The United Malays National Organization (UMNO) and the Malaysian Islamic Party (PAS) say they want Muhyiddin to continue leading the country through its latest wave of COVID-19 infections. Monday brought a single-day record of 1,240 new cases, bringing the total to 27,805.

The intensifying health crisis has coincided with weeks of political turmoil, as Muhyiddin counts on a razor-thin majority in the legislature while opposition leader Anwar Ibrahim insists he is the one backed by a majority of parliamentarians -- including some UMNO lawmakers.

UMNO held an emergency meeting of its lower house representatives on Monday, prompting speculation that it might pull out of the ruling coalition. Former Prime Minister Najib Razak is reported to have advocated backing Anwar at the meeting -- even though Anwar helped bring about his downfall in the 2018 election by teaming up with Mahathir Mohamad.

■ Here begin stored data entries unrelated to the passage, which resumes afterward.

(* A 2-partition P of a set G is the same thing as a simple rank-3 matroid on
   G whose hyperplanes ("lines") are the blocks of P: a set is independent iff
   it has at most three points, no three of them on a common block.

   The
      hyperplanes of the associated matroid are exactly the blocks.
   2. Given a sublattice L and an invariant 2-partition P of Z^n/L, the
      polynomials whose support is a union of circuits of the pulled-back
      matroid form a tropical ideal [cyclic_ideal L P] of degree 3 with
      binomial lattice L; for any ideal with this matroid, the parallel
      classes are the cosets of L and si(M(I)) has hyperplanes P.  This is
      surjectivity.
   3. Conversely, for a degree-3 tropical ideal I, the sets of cosets
      connected by trinomials of I form an invariant 2-partition of Z^n/L_I
      whose pulled-back matroid is M(I); so Phi I is admissible.
   4. A tropical ideal is determined by the circuits of its matroid, and M(I)
      is determined by Phi I, which gives injectivity. *)

Set Implicit Arguments.
Unset Strict Implicit.
Unset Printing Implicit Defensive.

Import GRing.Theory.
Local Open Scope ring_scope.
Local Open Scope classical_set_scope.

Section LinearSpace.
Variables (T : Type) (P : set (set T)).

Definition collinear (X Y Z : T) : Prop := exists B, P B /\ B X /\ B Y /\ B Z.

Definition noncollinear (X Y Z : T) : Prop :=
  X <> Y /\ X <> Z /\ Y <> Z /\ ~ collinear X Y Z.

(* Closure in the rank-3 matroid with lines P: a point is spanned by K if it
   is in K, on a line through two points of K, or K spans everything because it
   contains a noncollinear triple. *)
Definition span (K : set T) (Z : T) : Prop :=
  K Z \/ (exists X Y, K X /\ K Y /\ X <> Y /\ collinear X Y Z) \/
  (exists X Y W, K X /\ K Y /\ K W /\ noncollinear X Y W).

Lemma collinear12 X Y Z : collinear X Y Z -> collinear Y X Z.
Proof. by case=> B [? [? [? ?]]]; exists B. Qed.

Lemma collinear23 X Y Z : collinear X Y Z -> collinear X Z Y.
Proof. by case=> B [? [? [? ?]]]; exists B. Qed.

Lemma noncollinear12 X Y Z : noncollinear X Y Z -> noncollinear Y X Z.
Proof.
case=> [XY [XZ [YZ nc]]]; do 3?split=> //; first exact: nesym.
by move/collinear12.
Qed.

Lemma noncollinear23 X Y Z : noncollinear X Y Z -> noncollinear X Z Y.
Proof.
case=> [XY [XZ [YZ nc]]]; do 3?split=> //; first exact: nesym.
by move/collinear23.
Qed.

Lemma span_mono K K' : K `<=` K' -> span K `<=` span K'.
Proof.
move=> sKK' Z [KZ|[[X [Y [KX [KY H]]]]|[X [Y [W [KX [KY [KW H]]]]]]]].
- by left; apply: sKK'.
- by right; left; exists X, Y; do !split=> //; apply: sKK'.
- by right; right; exists X, Y, W; do !split=> //; apply: sKK'.
Qed.

Lemma span_full K X Y W Z : K X -> K Y -> K W -> noncollinear X Y W -> span K Z.
Proof. by move=> *; right; right; exists X, Y, W. Qed.

Lemma span_exchange_noncollinear K X1 X2 Z Y :
  K X1 -> K X2 -> noncollinear X1 X2 Z -> ~ span K Y -> span (K `|` [set Y]) Z.
Proof.
move=> K1 K2 [X12 _] nY.
have nKY : ~ K Y by move=> KY; apply: nY; left.
apply: (@span_full _ X1 X2 Y); [by left|by left|by right|].
do 3?split=> //; try by move=> e; subst Y.
by move=> c; apply: nY; right; left; exists X1, X2.
Qed.

Lemma span_exchange K Z Y : span (K `|` [set Z]) Y -> ~ span K Y -> span (K `|` [set Y]) Z.
Proof.
move=> cY nY; have nKY : ~ K Y by move=> KY; apply: nY; left.
case: cY => [[KY|->]|[[X1 [X2 [k1 [k2 [d c]]]]]|[X1 [X2 [X3 [k1 [k2 [k3 nc]]]]]]]] //.
- by left; right.
- case: k1 => [k1|e1]; case: k2 => [k2|e2].
  + by case: nY; right; left; exists X1, X2.
  + rewrite e2 in d c; right; left; exists X1, Y.
    by do !split; [left|right| move=> e; subst Y|exact: collinear23].
  + rewrite e1 in d c; right; left; exists X2, Y.
    by do !split; [left|right| move=> e; subst Y|exact: collinear23 (collinear12 c)].
  + by rewrite e1 e2 in d.
- case: k1 => [k1|e1]; case: k2 => [k2|e2]; case: k3 => [k3|e3].
  + by case: nY; exact: span_full k1 k2 k3 nc.
  + by rewrite e3 in nc; exact: span_exchange_noncollinear k1 k2 nc nY.
  + by rewrite e2 in nc; exact: span_exchange_noncollinear k1 k3 (noncollinear23 nc) nY.
  + by case: nc => _ [_ [+ _]]; rewrite e2 e3.
  + rewrite e1 in nc.
    exact: span_exchange_noncollinear k2 k3 (noncollinear23 (noncollinear12 nc)) nY.
  + by case: nc => _ [+ _]; rewrite e1 e3.
  + by case: nc => + _; rewrite e1 e2.
  + by case: nc => + _; rewrite e1 e2.
Qed.

Variable G : set T.
Hypothesis tpP : two_partition G P.

Lemma block_sub B X : P B -> B X -> G X.
Proof. by case: tpP => H _ PB BX; apply: H PB _ BX. Qed.

Lemma block_unique B B' X Y :
  P B -> P B' -> B X -> B Y -> B' X -> B' Y -> X <> Y -> B = B'.
Proof.
move=> PB PB' BX BY B'X B'Y XY.
have [_ [_ [_ H]]] := tpP.
have [B0 [_ U]] := H X Y (block_sub PB BX) (block_sub PB BY) XY.
by rewrite -(U B) // -(U B').
Qed.

Lemma block_through X Y : G X -> G Y -> X <> Y -> exists B, P B /\ B X /\ B Y.
Proof.
have [_ [_ [_ H]]] := tpP => GX GY XY.
by have [B [? _]] := H X Y GX GY XY; exists B.
Qed.

Lemma noncollinear_of_not_collinear X1 X2 Z : G X1 -> G X2 -> X1 <> X2 ->
  ~ collinear X1 X2 Z -> noncollinear X1 X2 Z.
Proof.
move=> G1 G2 X12 nc; have [B [PB [B1 B2]]] := block_through G1 G2 X12.
split=> //; split; last split=> //.
- by move=> e; subst Z; apply: nc; exists B.
- by move=> e; subst Z; apply: nc; exists B.
Qed.

Lemma noncollinear_off_block B W1 W2 X : P B -> B W1 -> B W2 -> W1 <> W2 -> ~ B X ->
  noncollinear W1 W2 X.
Proof.
move=> PB B1 B2 W12 nX; do 3?split=> //; try by move=> e; subst X.
by case=> B' [PB' [b1 [b2 bX]]]; apply: nX; rewrite (block_unique PB PB' B1 B2 b1 b2 W12).
Qed.
Lemma kuratowski_ge0 (A : set X) : (0 <= kuratowski A)%E.
Proof. by apply: le_ereal_inf_tmp => _ [e [e0 _] <-]; rewrite lee_fin ltW. Qed.

Lemma kuratowski_le_net (A : set X) (e : R) (s : seq X) : 0 < e ->
  A `<=` add_ball [set` s] e -> (kuratowski A <= e%:E)%E.
Proof.
move=> e0 As; apply: ereal_inf_lbound; exists e => //; split => //.
by exists [set` s]; split => //; exact: finite_seq.
Qed.

Lemma kuratowski_lt_net (A : set X) (e : R) : 0 < e -> (kuratowski A < e%:E)%E ->
  exists s : seq X, A `<=` add_ball [set` s] e.
Proof.
move=> e0 /ereal_inf_lt [_ [e' [e'0 [E [fE AE]]] <-]]; rewrite lte_fin => e'e.
have [s Es] := (finite_seqP E).1 fE.
by exists s; rewrite -Es; apply: subset_trans AE (le_add_ball e'0 (ltW e'e)).
Qed.

Lemma small_nets_kuratowski_cvg0 (C : nat -> set X) :
  (forall m n, (m <= n)%N -> C n `<=` C m) -> has_small_nets C ->
  kuratowski (C n) @[n --> \oo] --> 0%E.
Proof.
move=> Cdecr nets.
have ev e : 0 < e -> \forall n \near \oo, (kuratowski (C n) <= e%:E)%E.
  move=> e0; have [N [s Ns]] := nets e e0; exists N => // n /= Nn.
  exact: kuratowski_le_net e0 (subset_trans (Cdecr _ _ Nn) Ns).
apply/fine_cvgP; split.
  apply: filterS (ev 1 ltr01) => n Cn1.
  by rewrite ge0_fin_numE ?kuratowski_ge0 // (le_lt_trans Cn1) ?ltry.
apply/cvgrPdist_le => e e0; apply: filterS (ev e e0) => n /=.
have := kuratowski_ge0 (C n); case: (kuratowski (C n)) => //= r.
by rewrite !lee_fin sub0r normrN => /ger0_norm ->.
Qed.
(* Let $T$ be a linear operator bounded on $L^2(\mathbb R^n)$ with kernel $K$ (locally integrable on $\mathbb R^{2n}$ off the diagonal) such that $Tg(x)=\int K(x,y)g(y)\,dy$ for $x$ outside the support of a compactly supported $g\in L^2$, and such that: (a) for some $\mu>0$, $|K(x,y)|\le C\min\{|x-y|^{-n},|x-y|^{-n-\mu}\}$ for $x\neq y$; (b) for some $\delta>0$ and all $0<r<1$, $j\in\mathbb N$, $z\in\mathbb R^n$ and $|y-z|<r$, $$\int_{A_j(z,r)}\big(|K(x,y)-K(x,z)|+|K(y,x)-K(z,x)|\big)dx\lesssim 2^{-j\delta},$$ where $A_j(z,r)=\{x:2^jr\le|x-z|<2^{j+1}r\}$. Then for every compactly supported $g\in L^2(\mathbb R^n)$ with $\int g=0$ and every multi-index $\alpha$ with $|\alpha|<\min\{\mu,\delta\}$, the function $x\mapsto x^\alpha Tg(x)$ belongs to $L^1(\mathbb R^n)$. *)

From HB Require Import structures.
From mathcomp Require Import all_boot all_order all_algebra.
From mathcomp Require Import all_classical all_reals all_analysis.

Set Implicit Arguments.
Unset Strict Implicit.
Unset Printing Implicit Defensive.
Import Order.TTheory GRing.Theory Num.Theory.
Import numFieldNormedType.Exports.

Local Open Scope classical_set_scope.
Local Open Scope ring_scope.

(* Points of R^n are n-tuples of reals ([n.-tuple R] carries the product
   (= Borel) sigma-algebra in MathComp-Analysis). *)
Section Rn.
Variable R : realType.

(* Lebesgue integral on R^n of a (nonnegative, measurable) function, defined
   as the iterated one-dimensional Lebesgue integral (the n-fold product of
   Lebesgue measure; Tonelli). *)
Fixpoint lint (n : nat) : (n.-tuple R -> \bar R) -> \bar R :=
  match n return (n.-tuple R -> \bar R) -> \bar R with
  | 0 => fun f => f [tuple]
  | m.+1 => fun f =>
      (\int[@lebesgue_measure R]_t lint (fun y : m.-tuple R => f (cons_tuple t y)))%E
  end.

Definition sint (n : nat) (f : n.-tuple R -> R) : \bar R :=
  (lint (fun x => (Num.max (f x) 0)%:E) - lint (fun x => (Num.max (- f x) 0)%:E))%E.

Definition eucl_dist (n : nat) (x y : n.-tuple R) : R :=
  Num.sqrt (\sum_(i < n) (tnth x i - tnth y i) ^+ 2).
Definition eucl_norm (n : nat) (x : n.-tuple R) : R :=
  Num.sqrt (\sum_(i < n) tnth x i ^+ 2).
Lemma symmetry_conformal :
  D6 1 xi x y z u v w + D6 0 eta x y z u v w = 0 /\
  D6 2 xi x y z u v w + D6 0 tau x y z u v w = 0 /\
  D6 2 eta x y z u v w + D6 1 tau x y z u v w = 0 /\
  D6 0 xi x y z u v w = D6 1 eta x y z u v w /\
  D6 0 xi x y z u v w = D6 2 tau x y z u v w /\
  D6 4 phi x y z u v w = - D6 0 eta x y z u v w /\
  D6 5 phi x y z u v w = - D6 0 tau x y z u v w /\
  D6 3 psi x y z u v w = - D6 1 xi x y z u v w /\
  D6 5 psi x y z u v w = - D6 1 tau x y z u v w /\
  D6 3 zeta x y z u v w = - D6 2 xi x y z u v w /\
  D6 4 zeta x y z u v w = - D6 2 eta x y z u v w /\
  D6 3 phi x y z u v w = D6 4 psi x y z u v w /\
  D6 3 phi x y z u v w = D6 5 zeta x y z u v w.
Proof.
  destruct symmetry_base_fibre_indep as (b1&b2&b3&b4&b5&b6&b7&b8&b9).
  criterion_at 0 0 0 0 0.
  criterion_at (-1) 0 0 0 0. criterion_at 1 0 0 0 0.
  criterion_at 0 (-1) 0 0 0. criterion_at 0 1 0 0 0.
  criterion_at 1 (-1) 0 0 0. criterion_at (-1) 1 0 0 0.
  criterion_at 1 (-2) 0 0 0. criterion_at (-1) 2 0 0 0.
  criterion_at (-2) 1 0 0 0. criterion_at 2 (-1) 0 0 0.
  criterion_at 1 1 0 0 0. criterion_at (-1) (-1) 0 0 0.
  criterion_at 0 0 1 0 0. criterion_at 0 0 (-1) 0 0.
  criterion_at 0 0 0 1 0. criterion_at 0 0 0 (-1) 0.
  criterion_at 0 0 0 0 1. criterion_at 0 0 0 0 (-1).
  rewrite b1, b2, b3, b4, b5, b6, b7, b8, b9 in *.
  repeat split; lra.
Qed.

Lemma symmetry_residual :
  - (xi x y z u v w * D3 0 q x y z + eta x y z u v w * D3 1 q x y z
     + tau x y z u v w * D3 2 q x y z)
  + 2 * u * phi x y z u v w + 2 * v * psi x y z u v w + 2 * w * zeta x y z u v w
  - (D6 0 phi x y z u v w + D6 1 psi x y z u v w + D6 2 zeta x y z u v w)
  - (u^2+v^2+w^2 - q x y z) * (D6 3 phi x y z u v w - D6 0 xi x y z u v w) = 0.
Proof.
  destruct symmetry_base_fibre_indep as (b1&b2&b3&b4&b5&b6&b7&b8&b9).
  criterion_at 0 0 0 0 0. rewrite b1, b2, b3, b4, b5, b6, b7, b8, b9 in *. lra.
Qed.

End DeterminingEquations.

Definition moeb_xi (a1 a2 a3 a4 a5 a6 a7 a8 a9 a10 : R) : F6 := fun x y z u v w =>
  a1 * (x ^ 2 - y ^ 2 - z ^ 2) + 2 * a2 * x * y + 2 * a3 * x * z - a4 * z + a5 * x
  - a6 * y + a9.
Definition moeb_eta (a1 a2 a3 a4 a5 a6 a7 a8 a9 a10 : R) : F6 := fun x y z u v w =>
  2 * a1 * x * y + a2 * (y ^ 2 - x ^ 2 - z ^ 2) + 2 * a3 * y * z + a5 * y + a6 * x
  - a7 * z + a10.
Definition moeb_tau (a1 a2 a3 a4 a5 a6 a7 a8 a9 a10 : R) : F6 := fun x y z u v w =>
  2 * a1 * x * z + 2 * a2 * y * z + a3 * (z ^ 2 - x ^ 2 - y ^ 2) + a4 * x + a5 * z
  + a7 * y + a8.
Definition moeb_phi (a1 a2 a3 a4 a5 a6 a7 a8 a9 a10 : R) : F6 := fun x y z u v w =>
  a1 * (1 - 2 * (x * u + y * v + z * w)) + 2 * a2 * (x * v - y * u)
  + 2 * a3 * (x * w - z * u) - a4 * w - a5 * u - a6 * v.
Definition moeb_psi (a1 a2 a3 a4 a5 a6 a7 a8 a9 a10 : R) : F6 := fun x y z u v w =>
  2 * a1 * (y * u - x * v) + a2 * (1 - 2 * (x * u + y * v + z * w))
  - 2 * a3 * (z * v - y * w) - a5 * v + a6 * u - a7 * w.
Definition moeb_zeta (a1 a2 a3 a4 a5 a6 a7 a8 a9 a10 : R) : F6 := fun x y z u v w =>
  2 * a1 * (z * u - x * w) + 2 * a2 * (z * v - y * w)
  + a3 * (1 - 2 * (x * u + y * v + z * w)) + a4 * u - a5 * w + a7 * v.

Definition moebius_generator (a1 a2 a3 a4 a5 a6 a7 a8 a9 a10 : R)
    (xi eta tau phi psi zeta : F6) : Prop :=
  forall x y z u v w : R,
    xi x y z u v w = moeb_xi a1 a2 a3 a4 a5 a6 a7 a8 a9 a10 x y z u v w
    /\ eta x y z u v w = moeb_eta a1 a2 a3 a4 a5 a6 a7 a8 a9 a10 x y z u v w
    /\ tau x y z u v w = moeb_tau a1 a2 a3 a4 a5 a6 a7 a8 a9 a10 x y z u v w
    /\ phi x y z u v w = moeb_phi a1 a2 a3 a4 a5 a6 a7 a8 a9 a10 x y z u v w
    /\ psi x y z u v w = moeb_psi a1 a2 a3 a4 a5 a6 a7 a8 a9 a10 x y z u v w
    /\ zeta x y z u v w = moeb_zeta a1 a2 a3 a4 a5 a6 a7 a8 a9 a10 x y z u v w.

Definition potential_condition (a1 a2 a3 a4 a5 a6 a7 a8 a9 a10 : R) (q : F3) : Prop :=
  forall x y z : R,
    (a1 * (y ^ 2 + z ^ 2 - x ^ 2) - 2 * a2 * x * y - 2 * a3 * x * z
       + a4 * z - a5 * x + a6 * y - a9) * D3 0 q x y z
    + (- 2 * a1 * x * y + a2 * (x ^ 2 + z ^ 2 - y ^ 2) - 2 * a3 * y * z
       - a5 * y - a6 * x + a7 * z - a10) * D3 1 q x y z
    + (- 2 * a1 * x * z - 2 * a2 * y * z + a3 * (x ^ 2 + y ^ 2 - z ^ 2)
       - a4 * x - a5 * z - a7 * y - a8) * D3 2 q x y z
    - 2 * (a5 + 2 * (a1 * x + a2 * y + a3 * z)) * q x y z = 0.

Section Moebius.
Variables a1 a2 a3 a4 a5 a6 a7 a8 a9 a10 : R.
Local Notation mxi := (moeb_xi a1 a2 a3 a4 a5 a6 a7 a8 a9 a10).
Local Notation meta := (moeb_eta a1 a2 a3 a4 a5 a6 a7 a8 a9 a10).
Local Notation mtau := (moeb_tau a1 a2 a3 a4 a5 a6 a7 a8 a9 a10).
Local Notation mphi := (moeb_phi a1 a2 a3 a4 a5 a6 a7 a8 a9 a10).
Local Notation mpsi := (moeb_psi a1 a2 a3 a4 a5 a6 a7 a8 a9 a10).
Local Notation mzeta := (moeb_zeta a1 a2 a3 a4 a5 a6 a7 a8 a9 a10).

Lemma D6_of_derivable k F x y z u v w l :
  derivable_pt_lim (fun t => unc6 F (upd (pt6 x y z u v w) k t)) (pt6 x y z u v w k) l ->
  D6 k F x y z u v w = l.
Proof. apply pd_of_derivable. Qed.

Ltac compute_D6 :=
  match goal with |- context [D6 ?k ?F ?x ?y ?z ?u ?v ?w] =>
    erewrite (D6_of_derivable k F x y z u v w) by
      (cbv beta iota delta [unc6 upd pt6 Nat.eqb moeb_xi moeb_eta moeb_tau
                            moeb_phi moeb_psi moeb_zeta]; apply is_derive_Reals;
       auto_derive; [exact I|reflexivity])
  end.

Lemma moebius_is_symmetry q : potential_condition a1 a2 a3 a4 a5 a6 a7 a8 a9 a10 q ->
  is_symmetry_generator q mxi meta mtau mphi mpsi mzeta.
Proof.
  intros Hq x y z u v w J H1 H2 H3 H4.
  cbv beta iota zeta delta [prol1 TD sel3].
  repeat compute_D6.
  unfold Eq1, Eq2, Eq3, Eq4 in *.
  assert (J21 : J 2%nat 1%nat = J 1%nat 2%nat) by lra.
  assert (J20 : J 2%nat 0%nat = J 0%nat 2%nat) by lra.
  assert (J10 : J 1%nat 0%nat = J 0%nat 1%nat) by lra.
  assert (Hqxyz : q x y z
                  = u ^ 2 + v ^ 2 + w ^ 2 - (J 0%nat 0%nat + J 1%nat 1%nat + J 2%nat 2%nat))
    by lra.
  pose proof (Hq x y z) as Hq1. rewrite Hqxyz in Hq1. rewrite J21, J20, J10.
  unfold moeb_xi, moeb_eta, moeb_tau, moeb_phi, moeb_psi, moeb_zeta.
  repeat split; try ring. lra.
Qed.
Lemma T_sixths : T (1/6) = 1/2 /\ T (5/6) = 1/2.
Proof.
  destruct T_thirds as [A B].
  pose proof (T_functional_eq (1/6)) as E1. pose proof (T_functional_eq (5/6)) as E2.
  replace (2 * (1/6)) with (1/3) in E1 by field.
  replace (2 * (5/6)) with (2/3 + 1) in E2 by field. rewrite T_plus1 in E2.
  rewrite phi_lo in E1 by lra. rewrite phi_hi in E2 by lra. split; lra.
Qed.

Lemma T_le_lo : forall v, 0 <= v <= 1/2 -> T v <= v + 1/3.
Proof. intros v Hv. rewrite T_functional_eq, phi_lo by lra. pose proof (T_le_two_thirds (2 * v)). lra. Qed.

Lemma T_le_hi : forall v, 1/2 <= v <= 1 -> T v <= 4/3 - v.
Proof. intros v Hv. rewrite T_functional_eq, phi_hi by lra. pose proof (T_le_two_thirds (2 * v)). lra. Qed.

Lemma T_support_third : forall c,
  (forall v, 0 <= v <= 1 -> T v - T (1/3) <= c * (v - 1/3)) <-> 0 <= c <= 1.
Proof.
  intro c. destruct T_thirds as [T1 T2]. destruct T_sixths as [T3 _]. rewrite T1. split.
  - intro H. pose proof (H (2/3) ltac:(lra)) as H1. pose proof (H (1/6) ltac:(lra)) as H2.
    rewrite T2 in H1. rewrite T3 in H2. lra.
  - intros Hc v Hv. destruct (Rle_dec (1/3) v).
    + pose proof (T_le_two_thirds v). nra.
    + pose proof (T_le_lo v ltac:(lra)). nra.
Qed.

Lemma T_support_two_thirds : forall c,
  (forall v, 0 <= v <= 1 -> T v - T (2/3) <= c * (v - 2/3)) <-> -1 <= c <= 0.
Proof.
  intro c. destruct T_thirds as [T1 T2]. destruct T_sixths as [_ T4]. rewrite T2. split.
  - intro H. pose proof (H (1/3) ltac:(lra)) as H1. pose proof (H (5/6) ltac:(lra)) as H2.
    rewrite T1 in H1. rewrite T4 in H2. lra.
  - intros Hc v Hv. destruct (Rle_dec v (2/3)).
    + pose proof (T_le_two_thirds v). nra.
    + pose proof (T_le_hi v ltac:(lra)). nra.
Qed.

Lemma dyadic_translate : forall x c, dyadic x -> dyadic (x + IZR c).
Proof.
  intros x c [k [j Hx]]. exists (k + c * 2 ^ Z.of_nat j)%Z, j.
  rewrite Hx, plus_IZR, mult_IZR, <- pow_IZR. field. apply pow_nonzero; lra.
Qed.

Lemma superdiff_T_translate : forall x c xi, superdiff T (x + IZR c) xi <-> superdiff T x xi.
Proof.
  intros x c xi.
  assert (Hdiff : forall h, T (x + IZR c + h) - T (x + IZR c) = T (x + h) - T x).
  { intro h. replace (x + IZR c + h) with (x + h + IZR c) by ring. rewrite !T_translate. reflexivity. }
  split; intros H eps Heps; destruct (H eps Heps) as [d [Hd Hquot]]; exists d;
    split; try exact Hd; intros h Hh0 Hhd; specialize (Hquot h Hh0 Hhd).
  - rewrite <- Hdiff. exact Hquot.
  - rewrite Hdiff. exact Hquot.
Qed.

(** * Dyadic points: case (1) *)

Lemma T_zero : T 0 = 0.
Proof.
  pose proof (T_functional_eq 0) as E. rewrite Rmult_0_r, phi_lo in E by lra. lra.
Qed.

Lemma T_inv_pow2 : forall m, T (/ 2 ^ m) = INR m / 2 ^ m.
Proof.
  induction m as [|m IH].
  - simpl. rewrite Rinv_1. replace 1 with (0 + 1) by ring. rewrite T_plus1, T_zero. field.
  - pose proof (pow2_pos m). assert (Hpos : 0 < / 2 ^ S m) by apply Rinv_0_lt_compat, pow2_pos.
    rewrite T_functional_eq, phi_lo.
    + replace (2 * / 2 ^ S m) with (/ 2 ^ m) by (simpl; field; lra).
      rewrite IH, S_INR. simpl. field. lra.
    + split; [lra|]. simpl. rewrite Rinv_mult.
      assert (/ 2 ^ m <= 1) by (rewrite <- Rinv_1; apply Rinv_le_contravar, pow_R1_Rle; lra).
      lra.
Qed.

Instead, the UMNO members decided to stick by Muhyiddin.

Yet Sivamurugan Pandian, a political analyst from National Science University, told Nikkei Asia that this lifeline for Muhyiddin merely reflects the wishes of Malaysian King Sultan Abdullah Ri'ayatuddin, who urged politicians to avoid unnecessary tension as the country grapples with COVID-19.

Muhyiddin Yassin, left, was once a deputy to former Prime Minister Najib Razak, right. Najib has reportedly encouraged his fellow UMNO members to support Muhyiddin's rival, Anwar Ibrahim.   © Reuters

The prime minister "may have to address issues related to internal collaboration in order to strengthen the coalition's position," Sivamurugan said. He suggested Muhyiddin should explore working with other parties, including the opposition, especially when it comes to fighting COVID-19 and passing the upcoming 2021 budget to be tabled next month.

The stakes for the budget bill are particularly high. Under Malaysian law, the government will face automatic dissolution if it is voted down in the lower house.

Critics alleged that Muhyiddin's proposal to declare a COVID-19 emergency -- which the king rejected -- was really about freezing parliament and foiling any attempts to overthrow his government with a vote of no confidence. The move would also have given the government full control over spending and the budget, without the need for lawmakers' approval.

Now, even with allied parties' renewed support, Muhyiddin remains on very shaky ground, according to Oh Ei Sun, senior fellow at the Singapore Institute of International Affairs.

"He would have to continue to balance between the incessant demands of UMNO and the constant erosion of support directed from the Anwar side," he said. This is especially true, he added, after the rejection of the "despised" emergency bid.

Oh thinks Muhyiddin should resign "honorably" given the circumstances but believes his supporters will urge him to cling to power as long as possible, taking advantage of the country's fragmented political landscape.

Sivamurugan disagreed on that point, arguing Malaysia is better off if Muhyiddin stays on for now and seeks common ground with all parties -- at least until the COVID-19 crisis passes.

"The king never indicated that the prime minister should resign," he stressed. "In fact, it was stated that he is confident with [Muhyiddin's] leadership in handling COVID-19."

At last count, the Muhyiddin-led National Alliance had the support of 114 MPs, just above the minimum 112 needed to form a government. Anwar controlled 91 via the Hope Pact, comprising his People's Justice Party, the Democratic Action Party and the National Honest Party. Former premier Mahathir counted 15, including independents and the Sabah Heritage Party.